Configuration options

Variable Values Description
SC4S_DEST_SPLUNK_HEC_<ID>_URL url URL of the Splunk endpoint, this can be a single URL or a space-separated list.
SC4S_DEST_SPLUNK_HEC_<ID>_TOKEN string Splunk HTTP Event Collector token.
SC4S_DEST_SPLUNK_HEC_<ID>_MODE string “GLOBAL” or “SELECT”.
SC4S_DEST_SPLUNK_HEC_<ID>_TLS_VERIFY yes(default) or no Verify HTTP(s) certificates.
SC4S_DEST_SPLUNK_HEC_<ID>_HTTP_COMPRESSION yes or no(default) Compress outgoing HTTP traffic using the gzip method.

HTTP Compression

HTTP traffic compression helps to reduce network bandwidth usage when sending to a HEC destination. SC4S currently supports gzip for compressing transmitted traffic. Using the gzip compression algorithm can result in lower CPU load and increased utilization of RAM. The algorithm may also cause a decrease in performance by 6% to 7%. Compression affects the content but does not affect the HTTP headers.
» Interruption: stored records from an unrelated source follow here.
Lemma card_eq_meet_sqr (R : realFieldType) U U' :
  (#|[set W : {set V} | #|U :&: W| == #|U' :&: W|]|%:R : R) ^+ 2
    * #|setSD U U'|.+1%:R <= #|{set V}|%:R ^+ 2.
Proof.
set D := setSD U U'; set b := #|U' :\: U|.
have -> : #|[set W : {set V} | #|U :&: W| == #|U' :&: W|]|%:R =
          sum_card_meet D (fun j => (j == b)%:R : R).
  rewrite (eq_card (B := [set W | #|U :&: W|%:Z - #|U' :&: W|%:Z == 0])); last first.
    by move=> W; rewrite !inE subr_eq0 eqz_nat.
  rewrite (card_meet_diff_toggle U U' (fun a => a == 0)) natr_card.
  by apply: eq_bigr => W _; rewrite !inE subr_eq0 eqz_nat.
have := sum_card_meet_bin R D b.
set K := sum_card_meet _ _; set N := #|{set V}|%:R => countE.
have bin_le : 'C(#|D|, b)%:R ^+ 2 * #|D|.+1%:R <= (2 ^+ #|D|) ^+ 2 :> R.
  by rewrite -exprM mulnC exprM -natrX -natrM -!natrX ler_nat; exact: bin_sqr_le.
rewrite -(ler_pM2r (exprn_gt0 2 (exprn_gt0 #|D| (ltr0Sn R 1)))).
have -> : K ^+ 2 * #|D|.+1%:R * (2 ^+ #|D|) ^+ 2
          = N ^+ 2 * ('C(#|D|, b)%:R ^+ 2 * #|D|.+1%:R).
  by transitivity ((K * 2 ^+ #|D|) ^+ 2 * #|D|.+1%:R); [ring | rewrite countE; ring].
by rewrite ler_wpM2l ?sqr_ge0.
Qed.

End SubsetSums.

Section PairStarSample.
Variables (R : realType) (V1 V2 : finType) (E : V1 -> V2 -> bool).
Variables (x0 : V1) (P Q : {set V1}) (c : R).
Local Notation s := (Num.sqrt (#|V2|%:R : R)).
Local Notation N := (#|{set V2}|%:R : R).
Hypotheses (V2_gt0 : (0 < #|V2|)%N) (c_gt0 : 0 < c) (QP : Q \subset P :\ x0).
Hypothesis deg_near : forall x, x \in P -> `|(deg E x)%:R - (deg E x0)%:R| <= s.
Hypothesis div_large : forall x y, x \in Q -> y \in Q -> x != y ->
  c ^+ 2 * #|V2|%:R <= #|divset E x y|%:R.
Hypothesis Q_small : (#|Q|.-1)%:R * 20 <= c * s.

Let s_gt0 : 0 < s. Proof. by rewrite sqrtr_gt0 ltr0n. Qed.
Let s_sqr : s ^+ 2 = #|V2|%:R. Proof. exact: sqr_sqrtr. Qed.

Definition deg_gap (W : {set V2}) (x : V1) : int := (degS E W x)%:Z - (degS E W x0)%:Z.
Definition gap_ok (a : int) : bool := `|a%:~R : R| <= 3 * s.
Definition lost (W : {set V2}) : nat :=
  #|[set x in Q | ~~ gap_ok (deg_gap W x)]| +
  #|[set p in offdiag Q | deg_gap W p.1 == deg_gap W p.2]|.

Lemma card_le_A_set_lost W : (#|Q| <= size (A_set E R W x0 P) + lost W)%N.
Proof.
have := card_le_undup_filter (deg_gap W) gap_ok QP.
by rewrite addnA.
Qed.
Enable batch packet processing to make the solution efficient, as this allows compression of a large number of logs at once.

Variable Values Description
SC4S_DEST_SPLUNK_HEC_<ID>_HTTP_COMPRESSION yes or no(default) Compress outgoing HTTP traffic using the gzip method.

Syslog standard destination

The use of “syslog” as a network protocol has been defined in Internet Engineering Task Force standards RFC5424, RFC5425, and RFC6587.

Configuration options

Variable Values Description
SC4S_DEST_SYSLOG_<ID>_HOST fqdn or ip The FQDN or IP of the target.
SC4S_DEST_SYSLOG_<ID>_PORT number 601 is the default when framed, 514 is the default when not framed.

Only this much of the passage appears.